Ночью кто-то из наших решился выйти из дома. Возвратись, сообщил: у дверей никакой охраны. Утром Сергей Кравцов собрал вокруг себя самых смелых. На этот раз план у него был простым: днем изучить ограду, а ночью тихо выйти и бежать садом. Но спустя некоторое время в казарме появился немецкий генерал. Он был в новом мундире, при орденских планках. Чинно, словно в своем полку, прошелся он между матрацами, осматривая нас, потом собрал около себя офицеров и начал ругать их. Переводчик старательно пересказывал его речь. Генерал возмущался тем, что нас, офицеров русской армии, положили на полу. «Кто позволил унижать достоинство храбрых воинов? Почему некоторые военнопленные без своих заслуженных наград?» — громко переводил слова генерала переводчик.

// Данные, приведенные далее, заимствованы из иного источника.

(* Let $\Gamma$ be a symmetric multiset of even cardinality $N$, take $\tilde\Gamma=\Gamma$ (so $M=N$) and $p=0$, and let $k\ge 0$. Then the exponential pseudo-spline symbol $$a^{(k)}_{N,N,\Gamma}(z)=B^{(k)}_{N,\Gamma}(z)\,c^{(k)}_{N,\Gamma}(z)$$ is interpolatory, i.e. $$a^{(k)}_{N,N,\Gamma}(z)+a^{(k)}_{N,N,\Gamma}(-z)=2\quad\text{for all } z\neq0.$$
   Context: $\mathbb{R}^+$ denotes the positive reals, and $\lceil L\rceil:=\min\{m\in\mathbb{Z}:m\ge L\}$. Symmetric multiset: a multiset $\Gamma=\{\gamma_1,\dots,\gamma_N\}$ of complex numbers is symmetric if there exist distinct $\theta_1,\dots,\theta_q\in\mathbb{R}^+\cup\mathrm{i}[0,\pi)$ and positive integers $t_1,\dots,t_q$ such that: - $\Gamma$ consists of $\theta_j$ and $-\theta_j$, each with multiplicity $t_j$; - when $N$ is odd, $\Gamma$ contains one additional element $0$. Non-normalized symbol: $\tilde B^{(k)}_{L,\Lambda}(z):=z^{-\lceil L/2\rceil}\prod_{i=1}^L(e^{\lambda_i/2^{k+1}}z+1)$. Normalized symbol for $N$ even: fix one $\theta_j$ and set $B^{(k)}_{N,\Gamma}:=K^{(k)}\tilde B^{(k)}_{N,\Gamma}$ with $(K^{(k)})^{-1}=(e^{-\theta_j/2^{k+1}}+e^{\theta_j/2^{k+1}})\,\tilde B^{(k)}_{N-2,\Gamma'}(e^{\theta_j/2^{k+1}})$, where $\Gamma'$ is $\Gamma$ minus one copy each of $\pm\theta_j$. Let $\vartheta_1,\dots,\vartheta_n$ be the distinct values of $\Gamma$ with multiplicities $\tau_\ell$, and set $z_\ell=e^{-\vartheta_\ell/2^{k+1}}$. Then $c^{(k)}_{N,\Gamma}$ is the unique odd-symmetric Laurent polynomial ($c(z)=c(z^{-1})$) with coefficients supported in $[-N/2+1,N/2-1]$ satisfying $$c^{(s)}(z_\ell)=\sum_{i=0}^s\binom{s}{i}v_{\ell,i}\,G^{(s-i)}(z_\ell)\qquad(s=0,\dots,\tau_\ell-1),$$ where $G=1/B^{(k)}_{N,\Gamma}$ and $v_{\ell,i}=2\delta_{i,0}$ (the case $p=0$). *)

From Stdlib Require Import Reals Lra.
From Stdlib Require Import ClassicalEpsilon FunctionalExtensionality.
From HB Require Import structures.
From mathcomp Require Import all_boot all_order all_algebra.

Set Implicit Arguments.
Unset Strict Implicit.
Unset Printing Implicit Defensive.

Record cplx := Cplx { Re : R; Im : R }.

Definition cplx_eqb (x y : cplx) : bool :=
  if Req_EM_T (Re x) (Re y) then
    if Req_EM_T (Im x) (Im y) then true else false
  else false.

Lemma cplx_eqP : Equality.axiom cplx_eqb.
Proof.
move=> [a b] [c d]; rewrite /cplx_eqb /=.
destruct (Req_EM_T a c) as [h1|h1]; last by constructor => -[].
destruct (Req_EM_T b d) as [h2|h2]; last by constructor => -[].
by constructor; rewrite h1 h2.
Qed.

HB.instance Definition _ := hasDecEq.Build cplx cplx_eqP.

Definition cplx_find (P : pred cplx) (n : nat) : option cplx :=
  match excluded_middle_informative (exists x, P x) with
  | left h => Some (proj1_sig (constructive_indefinite_description _ h))
  | right _ => None
  end.

Lemma cplx_find_correct P n x : cplx_find P n = Some x -> P x.
Proof.
rewrite /cplx_find; case: excluded_middle_informative => // h [<-].
exact: proj2_sig (constructive_indefinite_description _ h).
Qed.

Lemma cplx_find_complete (P : pred cplx) :
  (exists x, P x) -> exists n, cplx_find P n.
Proof.
move=> h; exists 0%N; rewrite /cplx_find.
by case: excluded_middle_informative.
Qed.

Lemma cplx_find_ext (P Q : pred cplx) : P =1 Q -> cplx_find P =1 cplx_find Q.
Proof.
move=> hPQ n.
have -> : P = Q by apply: functional_extensionality.
by [].
Qed.

HB.instance Definition _ :=
  hasChoice.Build cplx cplx_find_correct cplx_find_complete cplx_find_ext.

Section CplxOps.
Local Open Scope R_scope.
Definition cadd (x y : cplx) := Cplx (Re x + Re y) (Im x + Im y).
Definition copp (x : cplx) := Cplx (- Re x) (- Im x).
Definition czero := Cplx R0 R0.
Definition cone := Cplx R1 R0.
Definition cmul (x y : cplx) :=
  Cplx (Re x * Re y - Im x * Im y) (Re x * Im y + Im x * Re y).
Definition cinv (x : cplx) :=
  let n := (Re x * Re x + Im x * Im x) in
  Cplx (Re x / n) (- Im x / n).

Lemma cplx_ext (a b c d : R) : a = c -> b = d -> Cplx a b = Cplx c d.
Proof. by move=> -> ->. Qed.

Lemma caddA : associative cadd.
Proof. move=> [a b] [c d] [e f]; apply: cplx_ext => /=; ring. Qed.
Lemma caddC : commutative cadd.
Proof. move=> [a b] [c d]; apply: cplx_ext => /=; ring. Qed.
Lemma cadd0 : left_id czero cadd.
Proof. move=> [a b]; apply: cplx_ext => /=; ring. Qed.
Lemma caddN : left_inverse czero copp cadd.
Proof. move=> [a b]; apply: cplx_ext => /=; ring. Qed.

HB.instance Definition _ := GRing.isZmodule.Build cplx caddA caddC cadd0 caddN.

После этой «психологической обработки» пленных в казарме закипела работа: принесли кровати, постели, цветы. Все расставили вдоль стен, лишь середина комнаты осталась свободной. Нам приказали надеть боевые отличия, у кого они были.

Когда эта комедия пришла к своему концу, начали свою работу агитаторы. Через переводчиков они доказывали, что Германия еще очень сильна и ее сила в невиданном до сего времени страшном оружии. Это оружие, твердили нам, будет применено в определенное время, и оно сделает решительный перелом на фронтах войны. Итак, победа будет за Германией, и нам, пленным, не надо упираться, а нужно перейти на сторону гитлеровской армии, и чем скорее, тем лучше, ибо потом будет поздно. Нам представляется возможность послужить Гитлеру, заслужить его благодарность и почести.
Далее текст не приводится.